Wednesday, October 10, 2012

Alternatives to Banking for Business Finance

Brought to you by our friends at Osborne Clarke

Whilst many companies have relied on bank loans to finance growth in previous years, the majority of businesses are now forced to look elsewhere when considering funding.  As banks continue to reduce their lending, businesses are using other methods of financing in order to expand. Fortunately for businesses, there are a number of alternative methods which can be used to finance company growth and expansion.

Over the past year there have been various high profile deals involving alternative forms of finance. These highlight the options available to companies planning to expand without relying on bank loans. For example, the securitisation of Centre Parcs has enabled the company to manage their existing sites and potentially develop others using the money generated from the deal. Whilst the nature of the business and the stable revenue history made securitisation a viable option for Centre Parks, this may not be the case for other businesses which may need to consider different funding options.

The growing retail bond market can enable companies to generate long term funding, as evidence by the People for Places retail bond issuance earlier this year. By securing funding for long term growth, the company is able to operate strategically and meet future demand with the aim of increasing revenue without relying on the bank.

Companies with existing assets may seek to release capital from these assets to enable them to expand over upcoming years. In order to access funds, Tesco arranged a sale and leaseback transaction involving approximately £450 million of their UK property assets. They have created and sold the assets to a joint venture between Tesco and its pension scheme who will then lease the property back to Tesco. The funds generated from the deal will allow Tesco to carry out their plans for further growth.

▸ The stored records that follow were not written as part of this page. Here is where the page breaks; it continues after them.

(* Let $d\geq 1$ and let $\sigma=(s_d,s_{d-1},\ldots,s_0)$ be any sequence of signs $s_j\in\{+,-\}$ with $s_d=+$. If $d$ is even and $s_0=+$ (resp. $s_0=-$), then there exists a real polynomial $P=\sum_{j=0}^d a_jx^j$ of degree $d$ with all $a_j\neq 0$ and $\operatorname{sgn} a_j=s_j$ for all $j$, which has exactly $0$ positive and $0$ negative roots (resp. exactly $1$ positive and $1$ negative root). If $d$ is odd and $s_0=+$ (resp. $s_0=-$), then there exists such a polynomial $P$ with sign pattern $\sigma$ having exactly $0$ positive and $1$ negative root (resp. exactly $1$ positive and $0$ negative roots).
   Context: A real polynomial $P=\sum_{j=0}^d a_jx^j$ of degree $d$ with all coefficients nonzero is said to define the sign pattern $\sigma=(s_d,\ldots,s_0)$ if $s_j=\operatorname{sgn}a_j$ for all $j$. A pair $(pos,neg)$ is realized for $\sigma$ by $P$ if $P$ defines $\sigma$ and has exactly $pos$ positive and exactly $neg$ negative real roots. *)

From HB Require Import structures.
From mathcomp Require Import all_boot all_order all_algebra.
From mathcomp Require Import reals.
Set Implicit Arguments. Unset Strict Implicit. Unset Printing Implicit Defensive.
Import Order.TTheory GRing.Theory Num.Theory.
Local Open Scope ring_scope.

(* A sign pattern of length d+1: s j = true means "+", false means "-",
   for j = 0..d (s j is the sign of the coefficient of x^j). *)

Definition defines_sign_pattern (R : realType) (d : nat) (s : 'I_d.+1 -> bool)
    (P : {poly R}) : Prop :=
  size P = d.+1 /\
  forall j : 'I_d.+1, P`_j != 0 /\ (0 < P`_j) = s j.

Definition num_roots_in (R : realType) (A : R -> bool) (P : {poly R}) (n : nat)
    : Prop :=
  P != 0 /\
  exists rs : seq R, uniq rs /\
    (forall x : R, (x \in rs) <-> (A x /\ root P x)) /\
    (\sum_(x <- rs) mup x P)%N = n.

Definition num_pos_roots (R : realType) (P : {poly R}) (n : nat) : Prop :=
  num_roots_in (fun x : R => 0 < x) P n.
Definition num_neg_roots (R : realType) (P : {poly R}) (n : nat) : Prop :=
  num_roots_in (fun x : R => x < 0) P n.

Definition realizes (R : realType) (d : nat) (s : 'I_d.+1 -> bool)
    (P : {poly R}) (pos neg : nat) : Prop :=
  defines_sign_pattern s P /\ num_pos_roots P pos /\ num_neg_roots P neg.
(* Let $(Q,P)$ be a weakly quasi-lattice ordered group and let $\Lambda$ be a $P$-graph. Then: (1) $\mathrm{FA}(\Lambda)$ is a right ideal in $\Lambda$, i.e. if $\lambda\in\mathrm{FA}(\Lambda)$ and $s(\lambda)=r(\lambda')$ then $\lambda\lambda'\in\mathrm{FA}(\Lambda)$; (2) if $\mu\delta\in\mathrm{FA}(\Lambda)$ then $\delta\in\mathrm{FA}(\Lambda)$; (3) $\mathrm{FA}(\Lambda)$ is closed under the source map $s$; (4) $\mathrm{FA}(\Lambda)$ is not necessarily closed under the range map $r$, i.e. there exist such $(Q,P)$ and a $P$-graph $\Lambda$ with $\lambda\in\mathrm{FA}(\Lambda)$ but $r(\lambda)\notin\mathrm{FA}(\Lambda)$; (5) if $\mu\in\mathrm{FA}(\Lambda)$ then $s(\mu)\Lambda\subseteq\mathrm{FA}(\Lambda)$; (6) if $\mu,\nu\in\mathrm{FA}(\Lambda)$ then there is a finite $J\subseteq\mathrm{FA}(\Lambda)$ such that $\mu\Lambda\cap\nu\Lambda=\bigcup_{\lambda\in J}\lambda\Lambda$.
   Context: $(Q,P)$ weakly quasi-lattice ordered: $Q$ a discrete group, $P\subseteq Q$ a subsemigroup containing the identity $e$ with $P\cap P^{-1}=\{e\}$, and, with $p\le r$ meaning $pq=r$ for some $q\in P$, any two elements of $P$ with a common upper bound have a least common upper bound. A $P$-graph is a countable small category $\Lambda$ (identities $\Lambda^{(0)}$, range/source $r,s$) with a functor $d:\Lambda\to P$ with unique factorisation (if $d(\lambda)=pq$ there are unique $\mu,\nu$ with $\lambda=\mu\nu$, $d(\mu)=p$, $d(\nu)=q$). For $\lambda\in\Lambda$, $\lambda\Lambda=\{\lambda\mu: \mu\in\Lambda, s(\lambda)=r(\mu)\}$. $\Lambda$ is finitely aligned at $(\mu,\nu)$ if there is a finite (possibly empty) $J\subseteq\Lambda$ with $\mu\Lambda\cap\nu\Lambda=\bigcup_{\lambda\in J}\lambda\Lambda$; $\Lambda$ is finitely aligned at $\lambda$ if it is finitely aligned at $(\mu,\nu)$ for every $\mu\in\lambda\Lambda$ and $\nu\in\Lambda$; $\mathrm{FA}(\Lambda)$ is the set of $\lambda\in\Lambda$ at which $\Lambda$ is finitely aligned. *)

From Stdlib Require Import List.
Import ListNotations.
Set Implicit Arguments.
Unset Strict Implicit.

Record Group : Type := {
  gcar :> Type;
  gmul : gcar -> gcar -> gcar;
  gone : gcar;
  ginv : gcar -> gcar;
  gmulA : forall x y z, gmul x (gmul y z) = gmul (gmul x y) z;
  gmul1l : forall x, gmul gone x = x;
  gmul1r : forall x, gmul x gone = x;
  gmulVl : forall x, gmul (ginv x) x = gone;
  gmulVr : forall x, gmul x (ginv x) = gone
}.

Section WQLO.
Variables (Q : Group) (P : Q -> Prop).

Definition ple (p r : Q) : Prop := exists q, P q /\ gmul p q = r.

Definition WQLO : Prop :=
  (forall p q, P p -> P q -> P (gmul p q)) /\
  P (@gone Q) /\
  (forall x, P x -> P (ginv x) -> x = @gone Q) /\
  (forall p q, P p -> P q ->
     (exists u, P u /\ ple p u /\ ple q u) ->
     exists l, P l /\ ple p l /\ ple q l /\
       (forall u, P u -> ple p u -> ple q u -> ple l u)).
End WQLO.

(** A P-graph: a countable small category (given by its morphisms; the
    objects are identified with the identity morphisms, i.e. the values of
    r and s), with a degree functor d : Λ -> P having unique factorisation.
    [comp x y] is the composite xy; it is only meaningful when s x = r y. *)
Record PGraph (Q : Group) (P : Q -> Prop) : Type := {
  pcar :> Type;
  pr : pcar -> pcar;
  ps : pcar -> pcar;
  comp : pcar -> pcar -> pcar;
  deg : pcar -> Q;
  pcount : exists f : pcar -> nat, forall x y, f x = f y -> x = y;
  pr_r : forall x, pr (pr x) = pr x;
  ps_r : forall x, ps (pr x) = pr x;
  pr_s : forall x, pr (ps x) = ps x;
  ps_s : forall x, ps (ps x) = ps x;
  comp_r : forall x y, ps x = pr y -> pr (comp x y) = pr x;
  comp_s : forall x y, ps x = pr y -> ps (comp x y) = ps y;
  compA : forall x y z, ps x = pr y -> ps y = pr z ->
            comp x (comp y z) = comp (comp x y) z;
  comp1l : forall x, comp (pr x) x = x;
  comp1r : forall x, comp x (ps x) = x;
  deg_P : forall x, P (deg x);
  deg_id : forall x, deg (pr x) = @gone Q;
  deg_comp : forall x y, ps x = pr y -> deg (comp x y) = gmul (deg x) (deg y);
  fact_ex : forall x p q, P p -> P q -> deg x = gmul p q ->
    exists m n, ps m = pr n /\ x = comp m n /\ deg m = p /\ deg n = q;
  fact_uniq : forall x p q m n m' n', P p -> P q ->
    ps m = pr n -> x = comp m n -> deg m = p -> deg n = q ->
    ps m' = pr n' -> x = comp m' n' -> deg m' = p -> deg n' = q ->
    m = m' /\ n = n'
}.

Section FA.
Variables (Q : Group) (P : Q -> Prop) (L : PGraph P).

Definition inRight (l x : L) : Prop :=
  exists a : L, ps l = pr a /\ x = comp l a.

Definition fin_aligned_at (m n : L) : Prop :=
  exists J : list L, forall x,
    (inRight m x /\ inRight n x) <-> (exists l, In l J /\ inRight l x).

Definition FA (l : L) : Prop :=
  forall m, inRight l m -> forall n : L, fin_aligned_at m n.
End FA.

(* Everything about FA(Λ) follows from left cancellation in a P-graph,
   which is a consequence of unique factorisation: the map ξ ↦ μξ is a bijection
   from s(μ)Λ onto μΛ, and it carries ξΛ ∩ νΛ onto μξΛ ∩ μνΛ. So finite alignment
   at (μξ, μν) can be pulled back to (ξ, ν), which gives (2); (1) is immediate
   because (λλ')Λ ⊆ λΛ, and (3), (5), (6) are combinations of the two.
   For (4) take P = ℕ² in ℤ² and the graph with edges μ : A → V, ν : B → V of
   degrees (1,0), (0,1) and infinitely many commuting squares μα_i = νβ_i into a
   sink C: then μΛ ∩ νΛ = {μα_i | i ∈ ℕ} is not finitely generated, so V is not
   in FA(Λ), while each μα_i has no proper extension and lies in FA(Λ). *)
From Stdlib Require Import List Classical ZArith Lia.
Import ListNotations.
Set Implicit Arguments.
Unset Strict Implicit.

Lemma map_onto_list (A B : Type) (f : A -> B) (S : A -> Prop) (l' : list B) :
  (forall b, In b l' -> exists a, S a /\ f a = b) ->
  exists l, (forall a, In a l -> S a) /\ map f l = l'.
Proof.
  induction l' as [|b l' IH]; intros Hl'.
  - exists []. split; [intros _ []|reflexivity].
  - destruct (Hl' b (or_introl eq_refl)) as [a [Sa <-]].
    destruct IH as [l [Sl <-]].
    { intros b' Hb'. apply Hl'. now right. }
    exists (a :: l). split; [|reflexivity].
    intros a' [<-|Ha']; auto.
Qed.

Lemma gmul_cancel_l (Q : Group) (g x y : Q) : gmul g x = gmul g y -> x = y.
Proof.
  intro H.
  rewrite <- (gmul1l x), <- (gmul1l y), <- (gmulVl g), <- !gmulA, H.
  reflexivity.
Qed.

Section PGraphAlignment.
Variables (Q : Group) (P : Q -> Prop) (L : PGraph P).

Lemma comp_cancel_l (m y y' : L) :
  ps m = pr y -> ps m = pr y' -> comp m y = comp m y' -> y = y'.
Proof.
  intros Hy Hy' E.
  assert (Hdeg : deg y' = deg y).
  { apply (gmul_cancel_l (g := deg m)). rewrite <- !deg_comp by assumption.
    now rewrite E. }
  exact (proj2 (@fact_uniq _ _ L (comp m y) _ _ m y m y' (deg_P m) (deg_P y)
                 Hy eq_refl eq_refl eq_refl Hy' E eq_refl Hdeg)).
Qed.

Lemma inRight_refl (l : L) : inRight l l.
Proof. exists (ps l). split; [symmetry; apply pr_s | symmetry; apply comp1r]. Qed.

Lemma inRight_trans (l x y : L) : inRight l x -> inRight x y -> inRight l y.
Proof.
  intros [a [Ha ->]] [b [Hb ->]].
  rewrite comp_s in Hb by assumption.
  exists (comp a b). split.
  - rewrite comp_r; assumption.
  - symmetry; apply compA; assumption.
Qed.
Lemma ge0_integral_affine (a c : R) (G : R -> \bar R) : 0 < a ->
  measurable_fun setT G -> (forall x, 0 <= G x)%E ->
  (\int[mu]_x G (a * x + c)%R = a^-1%:E * \int[mu]_x G x)%E.
Proof.
move=> a0 mG G0.
pose f x : measurableTypeR R := a * x + c.
have mf : measurable_fun setT f by exact: measurable_affine.
have mGf : measurable_fun setT (G \o f) by exact: measurableT_comp.
transitivity (a^-1%:E * \int[pushforward (mscale (NngNum (ltW a0)) mu) f]_x G x)%E.
  rewrite ge0_integral_pushforward //= preimage_setT ge0_integral_mscale //=.
  by rewrite muleA -EFinM mulVf ?gt_eqF // mul1e.
congr (_ * _)%E; apply: eq_measure_integral => B mB _ /=.
by rewrite /pushforward /mscale /= (lebesgue_measure_affine _ c _ a0 mB).
Qed.

Lemma ge0_integral_oppr (G : R -> \bar R) :
  measurable_fun setT G -> (forall x, 0 <= G x)%E ->
  (\int[mu]_x G (- x)%R = \int[mu]_x G x)%E.
Proof.
move=> mG G0.
transitivity (\int[pushforward mu (-%R : R -> measurableTypeR R)]_x G x)%E.
  by rewrite ge0_integral_pushforward //= preimage_setT.
by apply: eq_measure_integral => B mB _; exact: lebesgue_measureN.
Qed.

End affine_substitution.

Section normal_integrals.
Context {R : realType}.
Local Notation mu := (@lebesgue_measure R).

Lemma ge0_integral_normal_prob (m s : R) (f : R -> \bar R) :
  measurable_fun setT f -> (forall x, 0 <= f x)%E ->
  (\int[normal_prob m s]_x f x = \int[mu]_x (f x * (normal_pdf m s x)%:E))%E.
Proof.
move=> mf f0; have ac := @normal_prob_dominates R m s.
rewrite -(Radon_Nikodym_SigmaFinite.change_of_variables ac) //.
have mpdf : measurable_fun setT (EFin \o normal_pdf m s).
  by apply/measurable_EFinP; exact: measurable_normal_pdf.
have iRN := Radon_Nikodym_SigmaFinite.f_integrable ac.
apply: ae_eq_integral => //.
- by apply: emeasurable_funM => //; exact: measurable_int iRN.
- exact: emeasurable_funM.
apply: ae_eqe_mul2l; apply: integral_ae_eq => // E _ mE.
by rewrite -Radon_Nikodym_SigmaFinite.f_integral.
Qed.

Definition sqrt2pi : R := Num.sqrt (pi * 2).

Lemma sqrt2pi_gt0 : 0 < sqrt2pi.
Proof. by rewrite sqrtr_gt0 mulr_gt0 // pi_gt0. Qed.

Lemma normal_pdf_expR (m s x : R) : 0 < s ->
  normal_pdf m s x = (s * sqrt2pi)^-1 * expR (- (x - m) ^+ 2 / (s ^+ 2 * 2)).
Proof.
move=> s0; rewrite normal_pdfE ?gt_eqF //= /normal_peak /normal_fun.
congr (_^-1 * expR (_ / _)); last by rewrite mulr_natr.
rewrite /sqrt2pi -mulrnAr sqrtrM ?sqr_ge0 // sqrtr_sqr ger0_norm ?ltW //.
by rewrite mulr_natr.
Qed.

Lemma normal_pdf_scale (m s x : R) : 0 < s ->
  normal_pdf m s x = s^-1 * normal_pdf 0 1 ((x - m) / s).
Proof.
move=> s0; rewrite !normal_pdf_expR //.
have -> : - ((x - m) / s - 0) ^+ 2 / (1 ^+ 2 * 2) = - (x - m) ^+ 2 / (s ^+ 2 * 2).
  by field; rewrite gt_eqF.
by field; rewrite !gt_eqF ?sqrt2pi_gt0.
Qed.

Lemma ge0_integral_normal_affine (m s : R) (f : R -> \bar R) : 0 < s ->
  measurable_fun setT f -> (forall x, 0 <= f x)%E ->
  (\int[normal_prob 0 1]_z f (s * z + m)%R = \int[normal_prob m s]_x f x)%E.
Proof.
move=> s0 mf f0.
have mfa : measurable_fun setT (fun z => f (s * z + m)%R).
  exact: measurableT_comp mf (measurable_affine s m).
have pdf0 (x : R) : (0 <= (normal_pdf 0 1 x)%:E)%E by rewrite lee_fin normal_pdf_ge0.
rewrite (ge0_integral_normal_prob _ _ _ mf f0).
rewrite (ge0_integral_normal_prob _ _ _ mfa (fun z => f0 _)).
pose g x := (f x * (normal_pdf 0 1 ((x - m) / s))%:E)%E.
have mg : measurable_fun setT g.
  apply: emeasurable_funM => //; apply/measurable_EFinP.
  apply: measurableT_comp (measurable_normal_pdf 0 1) _.
  by apply: measurable_funM => //; exact: measurable_funB.
transitivity (\int[mu]_z g (s * z + m)%R)%E.
  by apply: eq_integral => z _; rewrite /g addrK mulrC mulfK ?gt_eqF.
rewrite ge0_integral_affine //; last by move=> x; rewrite mule_ge0.
rewrite -ge0_integralZl_EFin //; last by rewrite invr_ge0 ltW.
  by apply: eq_integral => x _; rewrite /g muleCA -EFinM -normal_pdf_scale.
by move=> x _; rewrite mule_ge0.
Qed.

Lemma ge0_integral_normal01_oppr (f : R -> \bar R) :
  measurable_fun setT f -> (forall x, 0 <= f x)%E ->
  (\int[normal_prob 0 1]_z f (- z)%R = \int[normal_prob 0 1]_z f z)%E.
Proof.
move=> mf f0.
have mfN : measurable_fun setT (fun z : R => f (- z)%R).
  exact: measurableT_comp mf (measurable_funN _).
pose g x := (f x * (normal_pdf 0 1 x)%:E)%E.
have mg : measurable_fun setT g.
  apply: emeasurable_funM => //; apply/measurable_EFinP.
  exact: measurable_normal_pdf.
rewrite !ge0_integral_normal_prob // -[RHS](ge0_integral_oppr _ mg); last first.
  by move=> x; rewrite mule_ge0 // lee_fin normal_pdf_ge0.
apply: eq_integral => z _; rewrite /g.
by rewrite !normal_pdf_expR // !subr0 sqrrN.
Qed.

Lemma normal_pdf_center (m s x : R) : 0 < s ->
  normal_pdf m s x = normal_pdf 0 s (x - m).
Proof. by move=> s0; rewrite !(normal_pdf_scale _ _ _ s0) subr0. Qed.

(* Completing the square in [x]: the joint density of [(X, a X + Y)] is the
   density of the sum times the conditional density of [X] given the sum. *)
Lemma normal_pdf_mul (s1 s2 a x z : R) : 0 < s1 -> 0 < s2 ->
  let S := Num.sqrt (a ^+ 2 * s1 ^+ 2 + s2 ^+ 2) in
  normal_pdf 0 s1 x * normal_pdf (a * x) s2 z =
  normal_pdf 0 S z * normal_pdf (a * z * s1 ^+ 2 / S ^+ 2) (s1 * s2 / S) x.
Proof.
move=> s10 s20 S.
have S2_gt0 : 0 < a ^+ 2 * s1 ^+ 2 + s2 ^+ 2.
  by apply: ltr_wpDl; [rewrite mulr_ge0 ?sqr_ge0 | rewrite exprn_gt0].
have S_gt0 : 0 < S by rewrite sqrtr_gt0.
have SE : S ^+ 2 = a ^+ 2 * s1 ^+ 2 + s2 ^+ 2 by rewrite sqr_sqrtr ?ltW.
rewrite !normal_pdf_expR ?divr_gt0 ?mulr_gt0 //.
rewrite mulrACA -expRD [RHS]mulrACA -expRD; congr (_ * expR _).
  by field; rewrite !gt_eqF ?sqrt2pi_gt0.
rewrite !expr_div_n !exprMn SE.
by field; rewrite exprMn !gt_eqF.
Qed.

Lemma ge0_integral_normal_shift (c s : R) (f : R -> \bar R) : 0 < s ->
  measurable_fun setT f -> (forall x, 0 <= f x)%E ->
  (\int[normal_prob 0 s]_y f (c + y)%R = \int[normal_prob c s]_x f x)%E.
Proof.
move=> s0 mf f0.
have mfc : measurable_fun setT (fun y => f (c + y)%R).
  exact: measurableT_comp mf (measurable_funD _ _).
rewrite -(ge0_integral_normal_affine _ _ _ s0 mfc (fun y => f0 _)).
under eq_integral do rewrite addr0 addrC.
exact: ge0_integral_normal_affine.
Qed.

Lemma ge0_integral_normal_prob_tonelli (m s : R) (g : R * R -> \bar R) :
  measurable_fun setT g -> (forall p, 0 <= g p)%E ->
  (\int[normal_prob m s]_x \int[mu]_z g (x, z)
   = \int[mu]_z \int[mu]_x ((normal_pdf m s x)%:E * g (x, z)))%E.
Proof.
move=> mg g0; pose k p := ((normal_pdf m s p.1)%:E * g p)%E.
have mk : measurable_fun setT k.
  apply: emeasurable_funM mg; apply/measurable_EFinP.
  exact: measurableT_comp (measurable_normal_pdf m s) measurable_fst.
have k0 p : (0 <= k p)%E by rewrite mule_ge0 // lee_fin normal_pdf_ge0.
have mG : measurable_fun setT (fun x => \int[mu]_z g (x, z))%E.
  exact: (@measurable_fun_fubini_tonelli_F _ _ _ _ _ mu _ mg g0).
rewrite (ge0_integral_normal_prob _ _ _ mG); last by move=> x; exact: integral_ge0.
rewrite -(@fubini_tonelli _ _ _ _ _ mu mu k mk k0).
apply: eq_integral => x _; rewrite muleC -ge0_integralZl_EFin ?normal_pdf_ge0 //.
exact: measurableT_comp mg (pair1_measurable _).
Qed.

Lemma ge0_integral_normal_add (s1 s2 a : R) (f : R -> \bar R) :
  0 < s1 -> 0 < s2 -> measurable_fun setT f -> (forall x, 0 <= f x)%E ->
  (\int[normal_prob 0 s1]_x \int[normal_prob 0 s2]_y f (a * x + y)%R
   = \int[normal_prob 0 (Num.sqrt (a ^+ 2 * s1 ^+ 2 + s2 ^+ 2))]_z f z)%E.
Proof.
move=> s10 s20 mf f0; set S := Num.sqrt _.
pose g (p : R * R) := (f p.2 * (normal_pdf 0 s2 (p.2 - a * p.1))%:E)%E.
have mg : measurable_fun setT g.
  apply: emeasurable_funM; first exact: measurableT_comp mf measurable_snd.
  apply/measurable_EFinP; apply: measurableT_comp (measurable_normal_pdf 0 s2) _.
  apply: measurable_funB; first exact: measurable_snd.
  exact: measurable_funM measurable_fst.
have g0 p : (0 <= g p)%E by rewrite mule_ge0 // lee_fin normal_pdf_ge0.
transitivity (\int[normal_prob 0 s1]_x \int[mu]_z g (x, z))%E.
  apply: eq_integral => x _.
  rewrite (ge0_integral_normal_shift _ _ _ s20 mf f0).
  rewrite (ge0_integral_normal_prob _ _ _ mf f0).
  by apply: eq_integral => z _; rewrite normal_pdf_center.
rewrite ge0_integral_normal_prob_tonelli // (ge0_integral_normal_prob _ _ _ mf f0).
apply: eq_integral => z _.
under eq_integral => x _.
  rewrite /g /= muleCA -EFinM -normal_pdf_center // normal_pdf_mul // EFinM muleA.
  over.
rewrite /= ge0_integralZl ?mule_ge0 ?lee_fin ?normal_pdf_ge0 ?integral_normal_pdf ?mule1 //.
- by apply/measurable_EFinP; exact: measurable_normal_pdf.
- by move=> x _; rewrite lee_fin normal_pdf_ge0.
Qed.

End normal_integrals.

Section gaussian_vectors.
Context {R : realType}.

Lemma integral_normal_prob_cst (m s : R) (c : \bar R) :
  (\int[normal_prob m s]_x c = c)%E.
Proof.
rewrite integral_cst //; transitivity (c * 1)%E; last exact: mule1.
by congr (_ * _)%E; exact: probability_setT.
Qed.

Lemma ge0_integral_normal_lincomb (s t a : R) (f : R -> \bar R) :
  0 < s -> 0 <= t -> measurable_fun setT f -> (forall x, 0 <= f x)%E ->
  (\int[normal_prob 0 s]_x \int[normal_prob 0 1]_z f (a * x + t * z)%R
   = \int[normal_prob 0 1]_z f (Num.sqrt (a ^+ 2 * s ^+ 2 + t ^+ 2) * z)%R)%E.
Proof.
move=> s0 t0 mf f0.
have mfa (b : R) : measurable_fun setT (fun x : R => f (b * x)%R).
  exact: measurableT_comp mf (measurable_funM _ _).
have [<-|tp] := eqVneq 0 t.
  under eq_integral do under eq_integral do rewrite mul0r addr0.
  under eq_integral do rewrite integral_normal_prob_cst.
  rewrite -(ge0_integral_normal_affine _ _ _ s0 (mfa a) (fun x => f0 _)).
  rewrite expr0n addr0 sqrtrM ?sqr_ge0 // !sqrtr_sqr (gtr0_norm s0).
  have [a0|a0] := leP 0 a.
    by apply: eq_integral => z _; rewrite ger0_norm // addr0 mulrA.
  rewrite -(ge0_integral_normal01_oppr _ (mfa _)) //.
  by apply: eq_integral => z _; rewrite ltr0_norm // addr0; congr (f _); ring.
have {t0 tp}t0 : 0 < t by rewrite lt_def eq_sym tp.
have mfb (b : R) : measurable_fun setT (fun y : R => f (b + y)%R).
  exact: measurableT_comp mf (measurable_funD _ _).
transitivity (\int[normal_prob 0 s]_x \int[normal_prob 0 t]_y f (a * x + y)%R)%E.
  apply: eq_integral => x _.
  rewrite -(ge0_integral_normal_affine _ _ _ t0 (mfb _) (fun y => f0 _)).
  by apply: eq_integral => z _; rewrite addr0.
have S0 : 0 < Num.sqrt (a ^+ 2 * s ^+ 2 + t ^+ 2).
  by rewrite sqrtr_gt0; apply: ltr_wpDl; [rewrite mulr_ge0 ?sqr_ge0 | rewrite exprn_gt0].
rewrite (ge0_integral_normal_add _ _ _ _ s0 t0 mf f0).
rewrite -(ge0_integral_normal_affine _ _ _ S0 mf f0).
by apply: eq_integral => z _; rewrite addr0.
Qed.

Lemma dotp_ge0 d (w : 'rV[R]_d) : 0 <= dotp w w.
Proof. by rewrite /dotp sumr_ge0 // => i _; rewrite -expr2 sqr_ge0. Qed.

Lemma enorm_gt0 d (w : 'rV[R]_d) : w != 0 -> 0 < enorm w.
Proof.
move=> w0; rewrite sqrtr_gt0 lt_def dotp_ge0 andbT.
apply: contra w0 => ww0; apply/eqP/rowP => i; rewrite mxE.
have nn (j : 'I_d) : true -> 0 <= w 0 j * w 0 j by rewrite -expr2 sqr_ge0.
by have /eqP := @psumr_eq0P _ _ _ _ nn (eqP ww0) i isT; rewrite mulf_eq0 orbb => /eqP.
Qed.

With banks continuing to limit their lending, there has been an increase in the availability of alternative forms of lending. Whilst securitisation, the retail bond market and the use of existing assets to release funds all provide viable options for obtaining capital, there are a variety of opportunities available to businesses hoping to implement their plans for expansion. Companies who broker deals whilst the non-bank lending industry continues to grow are likely to find the best deals and generate the best return as a result. Although the reluctance of banks to lend may have initially led to valid concern for many businesses, the increase in alternative forms of lending will allow companies to operate effectively whilst continuing to grow, enabling them to achieve their original and overriding objective. 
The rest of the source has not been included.